The impact of decades of state level corruption and mismanagement of public funds began to appear in 2019 when Lebanon inched toward financial downturn, which then tumbled into what the World Bank has called one of the top 10 financial depressions globally since the 1850s. The World Bank likened the country's financial and social regression to that of a post-conflict state.
As a result of Lebanon’s fragile situation, the UN and other allied nations, led by France - Lebanon’s former colonial power - have stepped up efforts to pressure the political class into action.
“The UN with the expertise of UNDP can help Lebanon of course to organize transparent and free elections. In my discussions of course I always mention the fact the elections should take place on time,” Wronecka said.
For 10 months the country’s fate has been in the hands of a caretaker government, as political infighting has hindered the formation of a new government which has only aggravated the crises.
Furthermore, the International Monetary Fund, the US and France, have offered Lebanon financial support to bolster the decaying economy and deliver desperately needed relief to residents, half of whom have been pushed under the poverty line.
But the international community has asserted that unless interventions come from the inside, the political stalemate and mismanagement that has caused the country’s downfall will prevail and risk degrading living conditions further.

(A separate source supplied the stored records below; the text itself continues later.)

(* Let $m\ge d\ge1$, $\lambda=d/m$, $p$ a polynomial of degree $d$ with nonnegative real roots and largest root $R$, and define on $\{(x,y):x,y>\sqrt R\}$ \[ F(x,y)=-\frac1{\sqrt{md}}\log\big[y^{m-d}p(xy)\big]. \] Then $F$ is convex, and for every $z>\sqrt R$, $\partial_xF(z,z)\,\partial_yF(z,z)=\mathcal H(z)$, where $\mathcal H(z)=\mathcal G(z)\big(\lambda\mathcal G(z)+\frac{1-\lambda}{z}\big)$ and $\mathcal G(z)=\frac1d\frac{zp'(z^2)}{p(z^2)}$.
   Context: $p(xy)>0$ when $x,y>\sqrt R$ (for $p$ with positive leading coefficient), so $F$ is well defined there. *)

From HB Require Import structures.
From mathcomp Require Import all_boot all_order all_algebra.
From mathcomp Require Import all_classical all_reals all_analysis.
Set Implicit Arguments. Unset Strict Implicit. Unset Printing Implicit Defensive.
Import Order.TTheory GRing.Theory Num.Theory.
Local Open Scope ring_scope.

Definition Ffun (R : realType) (m d : nat) (p : {poly R}) (x y : R) : R :=
  - (Num.sqrt (m * d)%:R)^-1 * ln (y ^+ (m - d) * p.[x * y]).

Definition Gfun (R : realType) (d : nat) (p : {poly R}) (z : R) : R :=
  (d%:R)^-1 * (z * (p^`()).[z ^+ 2] / p.[z ^+ 2]).

Definition Hfun (R : realType) (m d : nat) (p : {poly R}) (z : R) : R :=
  let lam := d%:R / m%:R in
  Gfun d p z * (lam * Gfun d p z + (1 - lam) / z).

Definition Fdom (R : realType) (R0 : R) : set (R * R)%type :=
  [set xy | Num.sqrt R0 < xy.1 /\ Num.sqrt R0 < xy.2].

(* Up to the factor -1/sqrt(md), F(x, y) is ln(lead p) + (m - d) ln y plus the
   sum of ln(xy - r) over the roots 0 <= r <= R < xy, so convexity of F reduces to
   concavity of (x, y) |-> ln(xy - r) on the positive quadrant.  Since ln is
   concave and increasing, it suffices that sqrt(xy - r) is concave there, which
   comes down to 2 sqrt((x0 y0 - r)(x1 y1 - r)) <= x0 y1 + x1 y0 - 2r.
   On the diagonal, -sqrt(md) dF/dx = d G(z) and -sqrt(md) dF/dy = (m - d)/z + d G(z),
   whose product divided by md is H(z). *)

From HB Require Import structures.
From mathcomp Require Import all_boot all_order all_algebra.
From mathcomp Require Import all_classical all_reals all_analysis.
From mathcomp Require Import ring lra.
Set Implicit Arguments. Unset Strict Implicit. Unset Printing Implicit Defensive.
Import Order.TTheory GRing.Theory Num.Theory.
Local Open Scope ring_scope.

Section sqrt_mul_sub.
Variable R : rcfType.
Implicit Types (x y r : R).

Lemma sqrtr_lt_mul r x y : 0 <= r -> Num.sqrt r < x -> Num.sqrt r < y -> r < x * y.
Proof.
move=> r_ge0 ltx lty; rewrite -[r]sqr_sqrtr // expr2.
by rewrite ltr_pM ?sqrtr_ge0.
Qed.

Lemma mul_sub_discr_le (x0 y0 x1 y1 r : R) : 0 <= r -> r <= x0 * y0 ->
  4 * (x0 * y0 - r) * (x1 * y1 - r) <= (x0 * y1 + x1 * y0 - 2 * r) ^+ 2.
Proof.
move=> r_ge0 r_le; rewrite -subr_ge0.
have [k_ge0|k_lt0] := lerP 0 ((x0 - x1) * (y0 - y1)).
  have -> : (x0 * y1 + x1 * y0 - 2 * r) ^+ 2 - 4 * (x0 * y0 - r) * (x1 * y1 - r)
      = (x0 * y1 - x1 * y0) ^+ 2 + 4 * r * ((x0 - x1) * (y0 - y1)) by ring.
  by rewrite addr_ge0 ?sqr_ge0 // mulr_ge0 // mulr_ge0.
have -> : (x0 * y1 + x1 * y0 - 2 * r) ^+ 2 - 4 * (x0 * y0 - r) * (x1 * y1 - r)
    = (x0 * y1 + x1 * y0 - 2 * (x0 * y0)) ^+ 2
      + 4 * (x0 * y0 - r) * - ((x0 - x1) * (y0 - y1)) by ring.
by rewrite addr_ge0 ?sqr_ge0 // mulr_ge0 ?oppr_ge0 ?(ltW k_lt0) // mulr_ge0 ?subr_ge0.
Qed.

Lemma sqrt_mul_sub_le (x0 y0 x1 y1 r : R) : 0 <= r -> r <= x0 * y0 -> r <= x1 * y1 ->
  0 <= x0 -> 0 <= y0 -> 0 <= x1 -> 0 <= y1 ->
  2 * Num.sqrt (x0 * y0 - r) * Num.sqrt (x1 * y1 - r) <= x0 * y1 + x1 * y0 - 2 * r.
Proof.
move=> r_ge0 r_le0 r_le1 x0_ge0 y0_ge0 x1_ge0 y1_ge0.
have cross_ge0 : 0 <= x0 * y1 + x1 * y0 - 2 * r.
  have : r * r <= (x0 * y1) * (x1 * y0).
    have -> : x0 * y1 * (x1 * y0) = x0 * y0 * (x1 * y1) by ring.
    exact: ler_pM.
  have := sqr_ge0 (x0 * y1 - x1 * y0).
  have : 0 <= x0 * y1 by exact: mulr_ge0.
  have : 0 <= x1 * y0 by exact: mulr_ge0.
  nra.
rewrite -(ler_pXn2r (n := 2)) ?nnegrE ?mulr_ge0 ?sqrtr_ge0 //.
rewrite !exprMn !sqr_sqrtr ?subr_ge0 //.
by rewrite -natrX; apply: mul_sub_discr_le.
Qed.

Lemma sqrt_mul_sub_concave (x0 y0 x1 y1 r t : R) :
  0 <= r -> r <= x0 * y0 -> r <= x1 * y1 ->
  0 <= x0 -> 0 <= y0 -> 0 <= x1 -> 0 <= y1 -> 0 <= t <= 1 ->
  (t * Num.sqrt (x0 * y0 - r) + (1 - t) * Num.sqrt (x1 * y1 - r)) ^+ 2 <=
  (t * x0 + (1 - t) * x1) * (t * y0 + (1 - t) * y1) - r.
Proof.
move=> r_ge0 r_le0 r_le1 x0_ge0 y0_ge0 x1_ge0 y1_ge0 /andP[t_ge0 t_le1].
set s0 := Num.sqrt (x0 * y0 - r); set s1 := Num.sqrt (x1 * y1 - r).
have s_le : 2 * s0 * s1 <= x0 * y1 + x1 * y0 - 2 * r by exact: sqrt_mul_sub_le.
have e0 : s0 ^+ 2 = x0 * y0 - r by rewrite sqr_sqrtr ?subr_ge0.
have e1 : s1 ^+ 2 = x1 * y1 - r by rewrite sqr_sqrtr ?subr_ge0.
rewrite -subr_ge0.
have -> : (t * x0 + (1 - t) * x1) * (t * y0 + (1 - t) * y1) - r
          - (t * s0 + (1 - t) * s1) ^+ 2
        = t * (1 - t) * (x0 * y1 + x1 * y0 - 2 * r - 2 * s0 * s1).
  by rewrite sqrrD !exprMn e0 e1; ring.
by rewrite !mulr_ge0 ?subr_ge0.
Qed.

End sqrt_mul_sub.

Section ln_concave.
Variable R : realType.

Lemma ln_conv_ge (t : {i01 R}) (a b : R) : 0 < a -> 0 < b ->
  t%:inum * ln a + (1 - t%:inum) * ln b <= ln (t%:inum * a + (1 - t%:inum) * b).
Proof. by move=> a_gt0 b_gt0; have := concave_ln t a_gt0 b_gt0; rewrite !convRE. Qed.

Lemma conv_mul_gt (t : {i01 R}) (x0 y0 x1 y1 r : R) :
  0 <= r -> r < x0 * y0 -> r < x1 * y1 ->
  0 < x0 -> 0 < y0 -> 0 < x1 -> 0 < y1 ->
  r < (t%:inum * x0 + (1 - t%:inum) * x1) * (t%:inum * y0 + (1 - t%:inum) * y1).
Proof.
move=> r_ge0 r_lt0 r_lt1 x0_gt0 y0_gt0 x1_gt0 y1_gt0; rewrite -subr_gt0.
have s0_gt0 : 0 < Num.sqrt (x0 * y0 - r) by rewrite sqrtr_gt0 subr_gt0.
have s1_gt0 : 0 < Num.sqrt (x1 * y1 - r) by rewrite sqrtr_gt0 subr_gt0.
have := convR_gt0 t s0_gt0 s1_gt0; rewrite convRE => /(exprn_gt0 2) /lt_le_trans-> //.
by apply: sqrt_mul_sub_concave; rewrite ?ge0 ?le1 //; exact: ltW.
Qed.

Lemma ln_mul_sub_concave (t : {i01 R}) (x0 y0 x1 y1 r : R) :
  0 <= r -> r < x0 * y0 -> r < x1 * y1 ->
  0 < x0 -> 0 < y0 -> 0 < x1 -> 0 < y1 ->
  t%:inum * ln (x0 * y0 - r) + (1 - t%:inum) * ln (x1 * y1 - r) <=
  ln ((t%:inum * x0 + (1 - t%:inum) * x1) * (t%:inum * y0 + (1 - t%:inum) * y1) - r).
Proof.
move=> r_ge0 r_lt0 r_lt1 x0_gt0 y0_gt0 x1_gt0 y1_gt0.
set u := t%:inum.
set s0 := Num.sqrt (x0 * y0 - r); set s1 := Num.sqrt (x1 * y1 - r).
have [s0_gt0 s1_gt0] : 0 < s0 /\ 0 < s1 by rewrite !sqrtr_gt0 !subr_gt0.
have -> : x0 * y0 - r = s0 ^+ 2 by rewrite sqr_sqrtr // subr_ge0 ltW.
have -> : x1 * y1 - r = s1 ^+ 2 by rewrite sqr_sqrtr // subr_ge0 ltW.
have s_conv_gt0 : 0 < u * s0 + (1 - u) * s1.
  by have := convR_gt0 t s0_gt0 s1_gt0; rewrite convRE.
have s_conv_le : (u * s0 + (1 - u) * s1) ^+ 2 <=
    (u * x0 + (1 - u) * x1) * (u * y0 + (1 - u) * y1) - r.
  by apply: sqrt_mul_sub_concave; rewrite /u ?ge0 ?le1 //; exact: ltW.
have ln_le : u * ln s0 + (1 - u) * ln s1 <= ln (u * s0 + (1 - u) * s1).
  exact: ln_conv_ge.
have ln_sqr_le : ln ((u * s0 + (1 - u) * s1) ^+ 2) <=
    ln ((u * x0 + (1 - u) * x1) * (u * y0 + (1 - u) * y1) - r).
  by rewrite ler_ln ?posrE ?exprn_gt0 // (lt_le_trans _ s_conv_le) ?exprn_gt0.
apply: le_trans ln_sqr_le; rewrite !lnXn // !mulr2n; lra.
Qed.

End ln_concave.

Lemma ln_prod (R : realType) (I : eqType) (s : seq I) (F : I -> R) :
  {in s, forall i, 0 < F i} -> ln (\prod_(i <- s) F i) = \sum_(i <- s) ln (F i).
Proof.
move=> F_gt0; rewrite big_seq [RHS]big_seq.
apply: (@big_morph_in _ _ Num.pos) => //.
- by move=> a b a_gt0 b_gt0; rewrite posrE mulr_gt0.
- by rewrite posrE ltr01.
- exact: lnM.
- exact: ln1.
Qed.

Section rooted_poly.
Variables (R : realType) (p : {poly R}) (rs : seq R).
Hypothesis lead_gt0 : 0 < lead_coef p.
Hypothesis p_factor : p = lead_coef p *: \prod_(r <- rs) ('X - r%:P).
Hypothesis roots_ge0 : {in rs, forall r, 0 <= r}.

Lemma horner_factor w : p.[w] = lead_coef p * \prod_(r <- rs) (w - r).
Proof.
rewrite {1}p_factor hornerZ horner_prod; congr (_ * _).
by apply: eq_bigr => r _; rewrite hornerXsubC.
Qed.

Lemma horner_factor_gt0 w : {in rs, forall r, r < w} -> 0 < p.[w].
Proof.
move=> rs_lt; rewrite horner_factor mulr_gt0 // big_seq prodr_gt0 // => r /rs_lt.
by rewrite subr_gt0.
Qed.

Lemma ln_horner_factor w : {in rs, forall r, r < w} ->
  ln p.[w] = ln (lead_coef p) + \sum_(r <- rs) ln (w - r).
Proof.
move=> rs_lt; have sub_gt0 : {in rs, forall r, 0 < w - r}.
  by move=> r /rs_lt; rewrite subr_gt0.
by rewrite horner_factor lnM ?posrE ?ln_prod // big_seq prodr_gt0.
Qed.

Lemma roots_lt_conv_mul (t : {i01 R}) (x0 y0 x1 y1 : R) :
  0 < x0 -> 0 < y0 -> 0 < x1 -> 0 < y1 ->
  {in rs, forall r, r < x0 * y0} -> {in rs, forall r, r < x1 * y1} ->
  {in rs, forall r,
    r < (t%:inum * x0 + (1 - t%:inum) * x1) * (t%:inum * y0 + (1 - t%:inum) * y1)}.
Proof.
move=> x0_gt0 y0_gt0 x1_gt0 y1_gt0 rs_lt0 rs_lt1 r r_rs.
by apply: conv_mul_gt => //; [exact: roots_ge0 | exact: rs_lt0 | exact: rs_lt1].
Qed.

Lemma ln_horner_mul_concave (t : {i01 R}) (x0 y0 x1 y1 : R) :
  0 < x0 -> 0 < y0 -> 0 < x1 -> 0 < y1 ->
  {in rs, forall r, r < x0 * y0} -> {in rs, forall r, r < x1 * y1} ->
  t%:inum * ln p.[x0 * y0] + (1 - t%:inum) * ln p.[x1 * y1] <=
  ln p.[(t%:inum * x0 + (1 - t%:inum) * x1) * (t%:inum * y0 + (1 - t%:inum) * y1)].
Proof.
move=> x0_gt0 y0_gt0 x1_gt0 y1_gt0 rs_lt0 rs_lt1.
have rs_lt := roots_lt_conv_mul t x0_gt0 y0_gt0 x1_gt0 y1_gt0 rs_lt0 rs_lt1.
rewrite !ln_horner_factor //.
rewrite mulrDr mulrDr addrACA -mulrDl subrKC mul1r lerD2l !mulr_sumr -big_split /=.
rewrite big_seq [leRHS]big_seq; apply: ler_sum => r r_rs.
by apply: ln_mul_sub_concave => //; [exact: roots_ge0 | exact: rs_lt0 | exact: rs_lt1].
Qed.

Lemma ln_Ffun_arg_concave (n : nat) (t : {i01 R}) (x0 y0 x1 y1 : R) :
  0 < x0 -> 0 < y0 -> 0 < x1 -> 0 < y1 ->
  {in rs, forall r, r < x0 * y0} -> {in rs, forall r, r < x1 * y1} ->
  t%:inum * ln (y0 ^+ n * p.[x0 * y0]) + (1 - t%:inum) * ln (y1 ^+ n * p.[x1 * y1])
  <= ln ((t%:inum * y0 + (1 - t%:inum) * y1) ^+ n *
         p.[(t%:inum * x0 + (1 - t%:inum) * x1) * (t%:inum * y0 + (1 - t%:inum) * y1)]).
Proof.
move=> x0_gt0 y0_gt0 x1_gt0 y1_gt0 rs_lt0 rs_lt1.
have rs_lt := roots_lt_conv_mul t x0_gt0 y0_gt0 x1_gt0 y1_gt0 rs_lt0 rs_lt1.
set u := t%:inum; set xt := u * x0 + _; set yt := u * y0 + _ in rs_lt *.
have yt_gt0 : 0 < yt by have := convR_gt0 t y0_gt0 y1_gt0; rewrite convRE.
rewrite !lnM ?posrE ?exprn_gt0 ?horner_factor_gt0 //; rewrite !lnXn //.
have ln_y := ln_conv_ge t y0_gt0 y1_gt0.
have ln_p := ln_horner_mul_concave t x0_gt0 y0_gt0 x1_gt0 y1_gt0 rs_lt0 rs_lt1.
rewrite [u * _]mulrDr [(1 - u) * _]mulrDr addrACA !mulrnAr -mulrnDl.
by apply: lerD => //; exact: (ler_wMn2r n ln_y).
Qed.

Lemma Ffun_convex (m d : nat) (R0 : R) : 0 <= R0 -> {in rs, forall r, r <= R0} ->
  convex_function (Fdom R0) (fun xy : (R * R)%type => Ffun m d p xy.1 xy.2).
Proof.
move=> R0_ge0 rs_le t [x0 y0] [x1 y1]; rewrite !inE /Fdom /= => -[ltx0 lty0] [ltx1 lty1].
have pos x : Num.sqrt R0 < x -> 0 < x by apply: le_lt_trans; exact: sqrtr_ge0.
have rs_lt x y : Num.sqrt R0 < x -> Num.sqrt R0 < y -> {in rs, forall r, r < x * y}.
  by move=> ltx lty r /rs_le/le_lt_trans; apply; exact: sqrtr_lt_mul.
rewrite convRE /Ffun /= mulrCA [X in _ <= _ + X]mulrCA -mulrDr !mulNr lerN2.
apply: ler_wpM2l; first by rewrite invr_ge0 sqrtr_ge0.
exact: (ln_Ffun_arg_concave (m - d) t (pos _ ltx0) (pos _ lty0) (pos _ ltx1) (pos _ lty1)
  (rs_lt _ _ ltx0 lty0) (rs_lt _ _ ltx1 lty1)).
Qed.

End rooted_poly.

Lemma is_derive_ln_horner (R : realType) (q : {poly R}) (x : R) : 0 < q.[x] ->
  is_derive x 1 (fun y => ln q.[y]) (q^`().[x] / q.[x]).
Proof.
move=> q_gt0; apply: trigger_derive.
  exact: (is_derive1_comp (is_derive1_ln q_gt0) (is_derive_poly q x)).
by rewrite mulrC.
Qed.

Section Ffun_partials.
Variables (R : realType) (m d : nat) (p : {poly R}).
Local Notation c := (Num.sqrt (m * d)%:R)^-1.

Lemma is_derive_Ffun_x (x y : R) : 0 < y -> 0 < p.[x * y] ->
  is_derive x 1 (fun x => Ffun m d p x y) (- c * (y * p^`().[x * y] / p.[x * y])).
Proof.
move=> y_gt0 p_gt0.
pose q := y ^+ (m - d) *: (p \Po ('X * y%:P)).
have qE z : q.[z] = y ^+ (m - d) * p.[z * y] by rewrite hornerZ horner_comp !hornerE.
have -> : (fun x => Ffun m d p x y) = (- c) \*: (fun z => ln q.[z]).
  by apply/funext => z; rewrite /= qE.
have q'E : q^`().[x] = y ^+ (m - d) * (p^`().[x * y] * y).
  by rewrite derivZ deriv_comp hornerZ hornerM horner_comp derivM derivX derivC !hornerE.
apply: trigger_derive.
  by apply/is_deriveZ/is_derive_ln_horner; rewrite qE mulr_gt0 ?exprn_gt0.
have yn_neq0 : y ^+ (m - d) != 0 by rewrite expf_neq0 ?gt_eqF.
have p_neq0 : p.[x * y] != 0 by rewrite gt_eqF.
change (- c * (q^`().[x] / q.[x]) = - c * (y * p^`().[x * y] / p.[x * y])).
rewrite qE q'E; congr (_ * _); move: (y ^+ _) yn_neq0 => Y Y_neq0.
by field; rewrite p_neq0 Y_neq0.
Qed.

Lemma is_derive_Ffun_y (x y : R) : 0 < y -> 0 < p.[x * y] ->
  is_derive y 1 (fun y => Ffun m d p x y)
    (- c * ((m - d)%:R / y + x * p^`().[x * y] / p.[x * y])).
Proof.
move=> y_gt0 p_gt0.
pose q := 'X^(m - d) * (p \Po (x%:P * 'X)).
have qE z : q.[z] = z ^+ (m - d) * p.[x * z] by rewrite hornerM horner_comp !hornerE.
have -> : (fun y => Ffun m d p x y) = (- c) \*: (fun z => ln q.[z]).
  by apply/funext => z; rewrite /= qE.
have q'E : q^`().[y] =
    (m - d)%:R * y ^+ (m - d).-1 * p.[x * y] + y ^+ (m - d) * (p^`().[x * y] * x).
  rewrite derivM derivXn deriv_comp hornerD !hornerM hornerMn hornerXn !horner_comp.
  rewrite derivM derivX derivC mul0r add0r mulr1 hornerC hornerCM hornerX hornerXn.
  by rewrite mulr_natl.
apply: trigger_derive.
  by apply/is_deriveZ/is_derive_ln_horner; rewrite qE mulr_gt0 ?exprn_gt0.
have p_neq0 : p.[x * y] != 0 by rewrite gt_eqF.
have y_neq0 : y != 0 by rewrite gt_eqF.
change (- c * (q^`().[y] / q.[y]) =
  - c * ((m - d)%:R / y + x * p^`().[x * y] / p.[x * y])).
rewrite qE q'E; congr (_ * _); case: (m - d)%N => [|n].
  by rewrite !expr0 !mul0r add0r !mul1r; field.
rewrite exprS /=; have yn_neq0 := expf_neq0 n y_neq0; move: (y ^+ n) yn_neq0 => Y Y_neq0.
by field; rewrite p_neq0 Y_neq0 y_neq0.
Qed.

Lemma Ffun_partials_mul_diag (z : R) : (0 < d)%N -> (d <= m)%N ->
  z != 0 -> p.[z * z] != 0 ->
  (- c * (z * p^`().[z * z] / p.[z * z])) *
  (- c * ((m - d)%:R / z + z * p^`().[z * z] / p.[z * z])) = Hfun m d p z.
Proof.
move=> d_gt0 d_le_m z_neq0 p_neq0.
have c2 : (Num.sqrt (m * d)%:R)^-1 ^+ 2 = (m%:R * d%:R)^-1 :> R.
  by rewrite exprVn sqr_sqrtr // natrM.
have m_neq0 : m%:R != 0 :> R by rewrite pnatr_eq0 -lt0n (leq_trans d_gt0 d_le_m).
have d_neq0 : d%:R != 0 :> R by rewrite pnatr_eq0 -lt0n.
rewrite /Hfun /Gfun expr2 mulrACA mulrNN -expr2 c2 natrB //.
by field; rewrite p_neq0 z_neq0 m_neq0 d_neq0.
Qed.

End Ffun_partials.

Theorem mainTheorem17 (R : realType) (m d : nat) (p : {poly R}) (R0 : R) :
  (1 <= d)%N -> (d <= m)%N ->
  size p = d.+1 ->
  0 < lead_coef p ->
  (exists rs : seq R, size rs = d /\ all (fun r => 0 <= r) rs /\
     p = lead_coef p *: \prod_(r <- rs) ('X - r%:P)) ->
  root p R0 -> (forall r : R, root p r -> r <= R0) ->
  convex_function (Fdom R0) (fun xy : (R * R)%type => Ffun m d p xy.1 xy.2)
  /\ (forall z : R, Num.sqrt R0 < z ->
        exists a b : R,
          is_derive z 1 (fun x : R => Ffun m d p x z) a /\
          is_derive z 1 (fun y : R => Ffun m d p z y) b /\
          a * b = Hfun m d p z).
Proof.
move=> d_gt0 d_le_m _ lead_gt0 [rs [_ [/allP roots_ge0 p_factor]]] R0_root R0_max.
have root_rs x : root p x = (x \in rs).
  by rewrite {1}p_factor rootZ ?root_prod_XsubC ?lt0r_neq0.
have roots_le : {in rs, forall r, r <= R0} by move=> r; rewrite -root_rs; exact: R0_max.
have R0_ge0 : 0 <= R0 by apply: roots_ge0; rewrite -root_rs.
split; first exact: (Ffun_convex lead_gt0 p_factor roots_ge0 m d R0_ge0 roots_le).
move=> z ltz; have z_gt0 : 0 < z by apply: le_lt_trans ltz; exact: sqrtr_ge0.
have p_gt0 : 0 < p.[z * z].
  apply: (horner_factor_gt0 lead_gt0 p_factor) => r /roots_le/le_lt_trans; apply.
  exact: sqrtr_lt_mul.
do 2 eexists; split; first exact: is_derive_Ffun_x.
split; first exact: is_derive_Ffun_y.
by apply: Ffun_partials_mul_diag; rewrite ?gt_eqF.
Qed.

“The initiative - I will repeat - the initiative should come from the Lebanese, because it’s about the prosperity of the country, and it’s also about their ownership. When people feel there is ownership, inclusion ... this will bring real permanent change,” Wronecka stressed.
Some are viewing 2022’s elections as a chance for independent movements to gain traction and potential parliamentary seats, in line with the popular uprising of October 2019 that saw hundreds of thousands of Lebanese call for the ousting of the old sectarian party lines, which many blame for today's crisis.
“In the democratic systems the elections are perceived as a more effective way first of all for citizens to participate in the political life, but also to actually achieve change,” Wronecka said.